ROGUE’s plan includes growing energy crops in “marginal” fields where landowners can’t make much money from food crops. That preserves other land for feeding a population that’s expected to keep growing, Long said.
The research will use tools like gene guns and CRISPR to edit genes, things that Europe frowns upon, he said. But between new technology and the abundance of land in the U.S., Long said America is poised to be a leader in biofuels, possibly alongside Brazil.
If all goes as planned, Long said he hopes to see oil-rich energycane and miscanthus ready for mass production in the next 20 years. It takes a long time, which Long said is why it’s important to start doing now.
“So it would make sure that our children and grandchildren do not go through what we saw with being held hostage over oil supplies from other countries,” he said.
Biofuels could also mitigate climate change, with plants taking carbon from the air and stashing it in soil.
Reducing emissions was even one of the main reasons Congress created the Renewable Fuels Standard. According to the EPA, it was meant to “reduce greenhouse gas emissions and expand the nation’s renewable fuels sector while reducing reliance on imported oil.”
Oil companies often argue it has outlived its purpose, pointing to stagnant emission levels in the U.S. and an abundance of oil thanks to fracking, an advanced drilling technique.
“The RFS is a broken policy, and its continued implementation could result in dire consequences for the broader economy, as well as negative impacts on consumers,” The American Petroleum Association warned, calling for the RFS to be repealed or “significantly modified.”
Still, Long argued, his research is for the long game, when even fracking can’t meet the U.S. demand for oil. Long said battery-powered cars charged with wind and solar energy will likely be widespread, but plant-based oils can help fill the gaps in diesel trucks and jet fuel.
“For planes, which we’re very dependent on in the United States, we don’t really see those wind turbines and solar cells doing anything for that,” he said.
The Energy Information Administration found the globe should have fuel until at least 2050, but trade can make getting fuel to countries that need it a bit more complex.
The Department of Energy isn’t alone in trying to find solutions, though. The U.S. Department of Agriculture is also funding biofuel research, focusing on how to turn leftover biomass like crop stubble and tree branches into energy or products.

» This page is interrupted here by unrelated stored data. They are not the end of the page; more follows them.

Lemma sqr_sum_mul_le (I : finType) (u v : I -> R) :
  (\sum_i u i * v i) ^+ 2 <= (\sum_i u i ^+ 2) * (\sum_i v i ^+ 2).
Proof.
apply: sqr_le_of_quadratic => [|t|u0].
- by apply: sumr_ge0 => i _; apply: sqr_ge0.
- rewrite mulr_sumr mulr_sumr -sumrB -big_split /=; apply: sumr_ge0 => i _.
  have -> : t ^+ 2 * u i ^+ 2 - 2 * t * (u i * v i) + v i ^+ 2 = (t * u i - v i) ^+ 2
    by ring.
  exact: sqr_ge0.
- have ui0 := psumr_eq0P (fun i _ => sqr_ge0 (u i)) u0.
  by apply: big1 => i _; have /eqP := ui0 i isT; rewrite sqrf_eq0 => /eqP ->; rewrite mul0r.
Qed.

End CauchySchwarz.

Section VectorNorm.
Local Open Scope complex_scope.
Variable R : realType.
Local Notation C := R[i].
Local Notation Re := (@complex.Re R).
Local Notation Im := (@complex.Im R).
Implicit Types (m p : nat).

Lemma cabs_sqr (z : C) : cabs z ^+ 2 = Re z ^+ 2 + Im z ^+ 2.
Proof. by rewrite sqr_sqrtr // addr_ge0 // sqr_ge0. Qed.

Definition redot m (x y : 'cV[C]_m) : R :=
  \sum_i (Re (x i 0) * Re (y i 0) + Im (x i 0) * Im (y i 0)).

Definition sqnorm m (x : 'cV[C]_m) : R := redot x x.

Lemma sqnormE m (x : 'cV[C]_m) : sqnorm x = \sum_i (Re (x i 0) ^+ 2 + Im (x i 0) ^+ 2).
Proof. by apply: eq_bigr => i _; rewrite !expr2. Qed.

Lemma sqnorm_ge0 m (x : 'cV[C]_m) : 0 <= sqnorm x.
Proof. by rewrite sqnormE; apply: sumr_ge0 => i _; rewrite addr_ge0 ?sqr_ge0. Qed.

Lemma sqnorm_eq0 m (x : 'cV[C]_m) : sqnorm x = 0 -> x = 0.
Proof.
rewrite sqnormE => /(psumr_eq0P (fun l _ => addr_ge0 (sqr_ge0 _) (sqr_ge0 _))) x0.
apply/matrixP => i j; rewrite (ord1 j) mxE; have /eqP := x0 i isT.
by rewrite -complex_eq0; case: (x i 0) => a b /eqP.
Qed.

Lemma vnormE m (x : 'cV[C]_m) : vnorm x = Num.sqrt (sqnorm x).
Proof. by rewrite sqnormE; congr Num.sqrt; apply: eq_bigr => i _; rewrite cabs_sqr. Qed.

Lemma vnorm_ge0 m (x : 'cV[C]_m) : 0 <= vnorm x.
Proof. exact: sqrtr_ge0. Qed.

Lemma sqr_vnorm m (x : 'cV[C]_m) : vnorm x ^+ 2 = sqnorm x.
Proof. by rewrite vnormE sqr_sqrtr // sqnorm_ge0. Qed.

Lemma redot0l m (y : 'cV[C]_m) : redot 0 y = 0.
Proof. by apply: big1 => i _; rewrite mxE !mul0r addr0. Qed.

Lemma redotDr m (x y z : 'cV[C]_m) : redot x (y + z) = redot x y + redot x z.
Proof. by rewrite -big_split; apply: eq_bigr => i _; rewrite !mxE !raddfD /=; ring. Qed.

Lemma redotC m (x y : 'cV[C]_m) : redot x y = redot y x.
Proof. by apply: eq_bigr => i _; rewrite mulrC [Im _ * _]mulrC. Qed.

Lemma redot_le_vnormM m (x y : 'cV[C]_m) : redot x y <= vnorm x * vnorm y.
Proof.
have CS : redot x y ^+ 2 <= sqnorm x * sqnorm y.
  apply: sqr_le_of_quadratic => [|t|/sqnorm_eq0->]; rewrite ?sqnorm_ge0 ?redot0l //.
  rewrite /sqnorm /redot mulr_sumr mulr_sumr -sumrB -big_split /=.
  apply: sumr_ge0 => i _.
  set a := Re (x i 0); set b := Im (x i 0); set c := Re (y i 0); set d := Im (y i 0).
  have -> : t ^+ 2 * (a * a + b * b) - 2 * t * (a * c + b * d) + (c * c + d * d)
          = (t * a - c) ^+ 2 + (t * b - d) ^+ 2 by ring.
  by rewrite addr_ge0 ?sqr_ge0.
rewrite !vnormE -sqrtrM ?sqnorm_ge0 //; apply: le_trans (ler_norm _) _.
by rewrite -sqrtr_sqr ler_sqrt // mulr_ge0 ?sqnorm_ge0.
Qed.
Lemma Rpower_mul_sub_ln_le t p c k : 0 < p -> 0 <= c -> 0 <= k -> 0 < t < 1 ->
  Rpower t p * (c - k * ln t) <= c + k / p.
Proof.
  intros Hp Hc Hk Ht.
  assert (Rpower t p <= 1).
  { unfold Rpower. rewrite <- exp_0. apply exp_le_exp_of_le.
    assert (ln t < 0) by (rewrite <- ln_1; apply ln_increasing; lra). nra. }
  pose proof (Rpower_mul_neg_ln_le t p Hp ltac:(lra)).
  assert (Rpower t p * c <= c) by (rewrite <- (Rmult_1_l c) at 2; apply Rmult_le_compat_r; lra).
  assert (k * (Rpower t p * - ln t) <= k * / p) by (apply Rmult_le_compat_l; lra).
  replace (Rpower t p * (c - k * ln t)) with (Rpower t p * c + k * (Rpower t p * - ln t)) by ring.
  unfold Rdiv. lra.
Qed.

Lemma Rpower_div_Rpower x y c : Rpower y c / Rpower x c = exp (c * (ln y - ln x)).
Proof. unfold Rpower, Rdiv. rewrite <- exp_Ropp, <- exp_plus. f_equal. ring. Qed.

Lemma Rabs_Rpower_abs_mul z q : z <> 0 -> Rabs (Rpower (Rabs z) (q - 1) * z) = Rpower (Rabs z) q.
Proof.
  intros Hz. pose proof (Rabs_pos_lt z Hz).
  rewrite Rabs_mult, (Rabs_pos_eq (Rpower _ _)) by (apply Rlt_le, exp_pos).
  rewrite <- (Rpower_1 (Rabs z)) at 2 by lra. rewrite <- Rpower_plus. f_equal. ring.
Qed.

Lemma Rabs_mul_ratio_sub_le h q w r : 0 < q ->
  Rabs (h * w * r - w / q)
  <= Rabs (h - / q) * (Rabs w + Rabs w * Rabs (r - 1)) + Rabs w * Rabs (r - 1) / q.
Proof.
  intros Hq.
  replace (h * w * r - w / q) with ((h - / q) * (w * r) + w * (r - 1) / q) by (field; lra).
  eapply Rle_trans; [apply Rabs_triang|]. apply Rplus_le_compat.
  - rewrite Rabs_mult. apply Rmult_le_compat_l; [apply Rabs_pos|].
    assert (Rabs r <= 1 + Rabs (r - 1)).
    { replace r with ((r - 1) + 1) at 1 by ring.
      eapply Rle_trans; [apply Rabs_triang|]. rewrite Rabs_R1. lra. }
    rewrite Rabs_mult. pose proof (Rabs_pos w). nra.
  - unfold Rdiv. rewrite !Rabs_mult, (Rabs_pos_eq (/ q)) by (apply Rlt_le, Rinv_0_lt_compat; lra).
    apply Rle_refl.
Qed.

Lemma error_weight_le p a u : 1 < p -> 0 < u -> 4 * Rabs a / (p - 1) <= u ->
  2 * Rabs a / u <= (p - 1) / 2.
Proof.
  intros Hp Hu H.
  assert (H4 : 4 * Rabs a <= (p - 1) * u).
  { replace (4 * Rabs a) with ((p - 1) * (4 * Rabs a / (p - 1))) by (field; lra).
    apply Rmult_le_compat_l; lra. }
  apply (Rmult_le_reg_r (2 * u)); [lra|].
  replace (2 * Rabs a / u * (2 * u)) with (4 * Rabs a) by (field; lra). lra.
Qed.

(** * Improper integrals and monotone limits *)

Lemma is_RInt_gen_derive_at_infty (f F : R -> R) (y l : R) :
  (forall x, y <= x -> is_derive F x (f x)) ->
  (forall x, y <= x -> continuous f x) ->
  filterlim F (Rbar_locally p_infty) (locally l) ->
  is_RInt_gen f (at_point y) (Rbar_locally p_infty) (l - F y).
Proof.
  intros HF Hf Hl P HP.
  assert (Hlim : filterlim (fun b => F b - F y) (Rbar_locally p_infty) (locally (l - F y))).
  { apply (filterlim_comp _ _ _ F (fun x => x - F y) _ (locally l)); [exact Hl|].
    apply (continuous_minus (fun x => x) (fun _ => F y));
      [apply continuous_id | apply continuous_const]. }
  destruct (Hlim P HP) as [M HM].
  apply (Filter_prod _ _ _ (fun a => a = y) (fun b => Rmax M y < b)).
  - reflexivity.
  - exists (Rmax M y). tauto.
  - intros a b -> Hb. exists (F b - F y). split.
    + apply (is_RInt_derive (V := R_CompleteNormedModule));
        intros x Hx; rewrite Rmin_left, Rmax_right in Hx by (pose proof (Rmax_r M y); lra);
        [apply HF | apply Hf]; lra.
    + apply HM. pose proof (Rmax_l M y). lra.
Qed.

Lemma filter_prod_at_point_infty (y : R) (P : R * R -> Prop) :
  (forall b, y < b -> P (y, b)) -> filter_prod (at_point y) (Rbar_locally p_infty) P.
Proof.
  intros HP. apply (Filter_prod _ _ _ (fun a => a = y) (fun b => y < b)).
  - reflexivity.
  - exists y. tauto.
  - intros a b -> Hb. now apply HP.
Qed.

Lemma incr_bounded_cvg (g : R -> R) (x0 M : R) :
  (forall x y, x0 < x <= y -> g x <= g y) -> (forall x, x0 < x -> g x <= M) ->
  exists L, (forall x, x0 < x -> g x <= L) /\ filterlim g (Rbar_locally p_infty) (locally L).
Proof.
  intros Hmono Hbnd.
  destruct (completeness (fun v => exists x, x0 < x /\ v = g x)) as [L [HL1 HL2]].
  - exists M. intros v [x [Hx ->]]. now apply Hbnd.
  - exists (g (x0 + 1)), (x0 + 1). split; [lra | reflexivity].
  - assert (Hup : forall x, x0 < x -> g x <= L) by (intros x Hx; apply HL1; exists x; auto).
    exists L. split; [exact Hup|].
    apply filterlim_locally. intros eps.
    destruct (classic (exists x, x0 < x /\ L - eps < g x)) as [[x1 [Hx1 Hgx1]] | Hno].
    + exists x1. intros x Hx. change (Rabs (g x - L) < eps).
      pose proof (Hmono x1 x ltac:(lra)). pose proof (Hup x ltac:(lra)).
      rewrite Rabs_left1 by lra. lra.
    + exfalso. assert (L <= L - eps).
      { apply HL2. intros v [x [Hx ->]]. apply Rnot_lt_le. intros Hlt. apply Hno. now exists x. }
      pose proof (cond_pos eps). lra.
Qed.

(** * The logarithmic weight *)

Definition ell (x : R) : R := ln (x ^ 2 + 2).

Lemma ell_ge_ln2 x : ln 2 <= ell x.
Proof. apply ln_le; nra. Qed.

Lemma ell_ge_half x : / 2 <= ell x.
Proof. pose proof (ell_ge_ln2 x). pose proof ln_lt_2. lra. Qed.

Lemma ell_pos x : 0 < ell x.
Proof. pose proof (ell_ge_half x). lra. Qed.

Lemma ell_le_ell x y : 0 <= x <= y -> ell x <= ell y.
Proof. intros Hxy. apply ln_le; nra. Qed.

Lemma two_ln_le_ell x : 0 < x -> 2 * ln x <= ell x.
Proof.
  intros Hx. replace (2 * ln x) with (ln (x ^ 2)) by (rewrite ln_pow by lra; simpl; ring).
  apply ln_le; nra.
Qed.

Lemma ell_mul_le l t : 1 <= t -> ell (l * t) <= ell l + 2 * ln t.
Proof.
  intros Ht. unfold ell.
  replace (ln (l ^ 2 + 2) + 2 * ln t) with (ln ((l ^ 2 + 2) * t ^ 2))
    by (rewrite ln_mult, ln_pow by nra; simpl; ring).
  apply ln_le; nra.
Qed.

Lemma ell_mul_ge l t : 0 < t <= 1 -> ell l + 2 * ln t <= ell (l * t).
Proof.
  intros Ht. unfold ell.
  replace (ln (l ^ 2 + 2) + 2 * ln t) with (ln ((l ^ 2 + 2) * t ^ 2))
    by (rewrite ln_mult, ln_pow by nra; simpl; ring).
  apply ln_le; nra.
Qed.

Lemma ell_mul_le_add l t K : 1 <= K -> 0 < l -> 0 < t <= K -> ell (l * t) <= ell l + 2 * ln K.
Proof.
  intros HK Hl Ht. destruct (Rle_or_lt 1 t) as [Ht1 | Ht1].
  - pose proof (ell_mul_le l t Ht1). pose proof (ln_le t K ltac:(lra) (proj2 Ht)). lra.
  - assert (0 <= ln K) by (rewrite <- ln_1; apply ln_le; lra).
    pose proof (ell_le_ell (l * t) l ltac:(nra)). lra.
Qed.

Lemma ln_sq_mul_sq_add_2 l z : ln (l ^ 2 * z ^ 2 + 2) = ell (l * Rabs z).
Proof. unfold ell. now rewrite Rpow_mult_distr, pow2_abs. Qed.

Definition ell_elasticity (x : R) : R := 2 * x ^ 2 / ((x ^ 2 + 2) * ell x).

Lemma ell_elasticity_bounds x : 0 <= ell_elasticity x <= 2 / ell x.
Proof.
  pose proof (ell_pos x). unfold ell_elasticity. split.
  - apply Rdiv_le_0_compat; [nra | apply Rmult_lt_0_compat; nra].
  - apply (Rmult_le_reg_r ((x ^ 2 + 2) * ell x)); [nra|].
    field_simplify; nra.
Qed.

(** * The tail integral of the integrand *)

Section Integrand.

Variables p a : R.

Local Notation f := (integrand p a).

Lemma integrand_eq x : f x = exp (- (p * ln x) - a * ln (ell x)).
Proof. unfold integrand, Rpower, Rminus. rewrite exp_plus, !exp_Ropp, Rinv_mult. reflexivity. Qed.

Lemma integrand_pos x : 0 < f x.
Proof. rewrite integrand_eq. apply exp_pos. Qed.

Lemma integrand_continuous x : 0 < x -> continuous f x.
Proof.
  intros Hx. apply (continuous_ext _ _ _ (fun y => eq_sym (integrand_eq y))).
  apply (ex_derive_continuous (V := R_NormedModule)).
  pose proof (ell_pos x). unfold ell in *. simpl in *.
  auto_derive. repeat split; nra.
Qed.
Lemma trees_of_lists (P : tree -> Prop) (blocks : list (list key)) :
  (forall d, In d blocks -> exists t, P t /\ flatten t = d) ->
  exists ts, map flatten ts = blocks /\ forall t, In t ts -> P t.
Proof.
  induction blocks as [|d blocks IH]; intros H.
  - exists []. simpl; tauto.
  - destruct (H d (or_introl eq_refl)) as (t & Pt & Ft).
    destruct IH as (ts & E & Hts); [intros; apply H; simpl; auto |].
    exists (t :: ts). simpl. split; [congruence |]. intros t' [<- | Ht']; auto.
Qed.

Lemma length_in_concat {A : Type} (d : list A) (ds : list (list A)) :
  In d ds -> (length d <= length (concat ds))%nat.
Proof.
  induction ds as [|e ds IH]; simpl; [tauto |].
  rewrite length_app. intros [-> | H]; [lia | specialize (IH H); lia].
Qed.

(** Existence: every key list with positive counts is the in-order content of
    an ideal SAIT, built by [root_split] recursively (induction on the number
    of keys; every block is shorter than the list since a representative is
    removed). *)
Lemma ideal_sait_exists (L : list key) : positive_counts L ->
  exists t, gsat_ok Dsait t /\ flatten t = L /\ ideal Dsait t.
Proof.
  remember (length L) as n eqn:HnL. revert L HnL.
  induction n as [n IH] using lt_wf_ind; intros L HnL Hpos.
  destruct L as [|x L'] eqn:EL; [exists Tip; repeat constructor |].
  rewrite <- EL in *.
  assert (HLne : L <> []) by (subst L; discriminate).
  destruct (root_split L HLne Hpos) as (blocks & rs & Hl & Hi & Hrs & Hk & Hd).
  set (m := INR (mass_list L)) in *.
  assert (Hperm : Permutation L (concat blocks ++ rs)) by (rewrite <- Hi; apply interleave_perm, Hl).
  destruct (trees_of_lists (fun t => gsat_ok Dsait t /\ ideal Dsait t) blocks)
    as (ts & Ets & Pts).
  { intros d Hdin.
    assert (Hlt : (length d < n)%nat).
    { subst n. rewrite (Permutation_length Hperm), length_app.
      pose proof (length_in_concat d blocks Hdin).
      destruct rs; [congruence | simpl; lia]. }
    destruct (IH _ Hlt d eq_refl) as (t & Gt & Ft & It); [| exists t; auto].
    unfold positive_counts in *; rewrite Forall_forall in *.
    intros y Hy. apply Hpos, (Permutation_in _ (Permutation_sym Hperm)), in_or_app.
    left. apply in_concat. eauto. }
  assert (Hfl : flatten (Node rs ts) = L) by (simpl; rewrite Ets; exact Hi).
  assert (Hmass : INR (mass (Node rs ts)) = m) by (unfold mass; rewrite Hfl; reflexivity).
  exists (Node rs ts). repeat split; [constructor | exact Hfl | constructor].
  - exact Hrs.
  - rewrite <- (length_map flatten), Ets. exact Hl.
  - rewrite Hmass. exact Hk.
  - intros t Ht; apply Pts, Ht.
  - intros t Ht. split; [apply Pts, Ht |]. rewrite Hmass.
    apply Hd. rewrite <- Ets. apply in_map, Ht.
Qed.

Lemma sumR_le {A : Type} (f g : A -> R) (l : list A) :
  (forall c, In c l -> f c <= g c) -> sumR (map f l) <= sumR (map g l).
Proof.
  induction l as [|a l IH]; simpl; intros H; [lra |].
  pose proof (H a (or_introl eq_refl)).
  assert (sumR (map f l) <= sumR (map g l)) by (apply IH; auto). lra.
Qed.
Lemma Cmod_extremal m : 1 < E -> Cmod (extremal m) = h * bound m.
Proof.
  intros E_gt1; unfold extremal.
  rewrite Cmod_mult, Cmod_R, Cmod_dexp, (bound_eq_tail m E_gt1), Rabs_left1.
  - ring.
  - pose proof (tail_pos m E_gt1); nra.
Qed.

Lemma bounded_solution_zero x M : 1 < E -> is_solution h p x ->
  (forall m, Cmod (x m) <= M) -> x O = RtoC 0.
Proof.
  intros E_gt1 x_sol x_bounded.
  destruct (Req_dec (Cmod (x O)) 0) as [x0_zero | x0_nonzero]; [apply Cmod_eq_0, x0_zero|].
  pose proof (Cmod_ge_0 (x O)).
  destruct (Pow_x_infinity E ltac:(rewrite Rabs_right; lra) (M / Cmod (x O) + 1)) as [q Eq_large].
  specialize (Eq_large q (le_n q)); rewrite Rabs_right in Eq_large by (left; apply pow_lt; lra).
  specialize (x_bounded (q * n)%nat).
  rewrite (solution_eq_scal_dexp h p h_neq0 x x_sol), Cmod_mult, Cmod_dexp,
    growth_mul_period in x_bounded.
  assert (M + Cmod (x O) <= Cmod (x O) * E ^ q).
  { replace (M + Cmod (x O)) with (Cmod (x O) * (M / Cmod (x O) + 1)) by (field; lra).
    apply Rmult_le_compat_l; lra. }
  lra.
Qed.

Lemma K0_minimal K : 1 < E -> K < K0_const h n pk -> ~ ulam_constant h p K.
Proof.
  intros E_gt1 K_lt [_ ulam_K].
  destruct (ulam_K 1 Rlt_0_1 extremal) as [x [x_sol x_close]].
  { intros m; right; apply Cmod_residual_extremal, E_gt1. }
  assert (x_zero : x O = RtoC 0).
  { apply (bounded_solution_zero x (K0_const h n pk + K)); auto.
    intros m; replace (x m) with (extremal m - (extremal m - x m))%C by ring.
    eapply Rle_trans; [apply Cmod_triangle|]; rewrite Cmod_opp, Cmod_extremal by exact E_gt1.
    pose proof (K0_const_ge_bound m ltac:(lra)); specialize (x_close m); lra. }
  destruct K0_const_attained as [k K0_eq].
  specialize (x_close k); rewrite (solution_eq_scal_dexp h p h_neq0 x x_sol k), x_zero in x_close.
  replace (extremal k - 0 * dexp k)%C with (extremal k) in x_close by ring.
  rewrite Cmod_extremal in x_close by exact E_gt1; lra.
Qed.

End PeriodicEquation.

End PeriodicGrowth.

Theorem theorem4p4 (h : R) (n : nat) (pk : nat -> C) (p : nat -> C) :
  0 < h ->
  (0 < n)%nat ->
  (forall i : nat, (i < n)%nat -> pk i <> RtoC (- / h)) ->
  (* p(t) = p_k when t/h = k (mod n) *)
  (forall m : nat, p m = pk (m mod n)) ->
  (* p has no period smaller than n *)
  (forall q : nat, (0 < q)%nat -> (q < n)%nat -> exists m : nat, p (m + q)%nat <> p m) ->
  0 < E_const h n pk ->
  E_const h n pk <> 1 ->
  ulam_stable h p /\ ulam_constant h p (K0_const h n pk) /\
  (1 < E_const h n pk -> min_ulam_constant h p (K0_const h n pk)).
Proof.
  intros h_pos n_pos _ p_periodic _ E_pos E_neq1.
  assert (K0_ulam := ulam_constant_K0 h n pk h_pos n_pos E_pos p p_periodic E_neq1).
  split; [exists (K0_const h n pk); exact K0_ulam|].
  split; [exact K0_ulam|].
  intros E_gt1; split; [exact K0_ulam|].
  intros K _; apply (K0_minimal h n pk h_pos n_pos E_pos p p_periodic K E_gt1).
Qed.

Timothy Connor with USDA’s National Institute of Food and Agriculture said that while the agency is looking at energy security and energy diversity, his department is really focused on adding value to byproducts on farms and forests in rural areas.
“And USDA is permanently focused on that grower value,” he said.
Connor does caution that there are scientific and technical hurdles to climb first, but he has been seeing big steps forward so far, “so, we’re really excited.”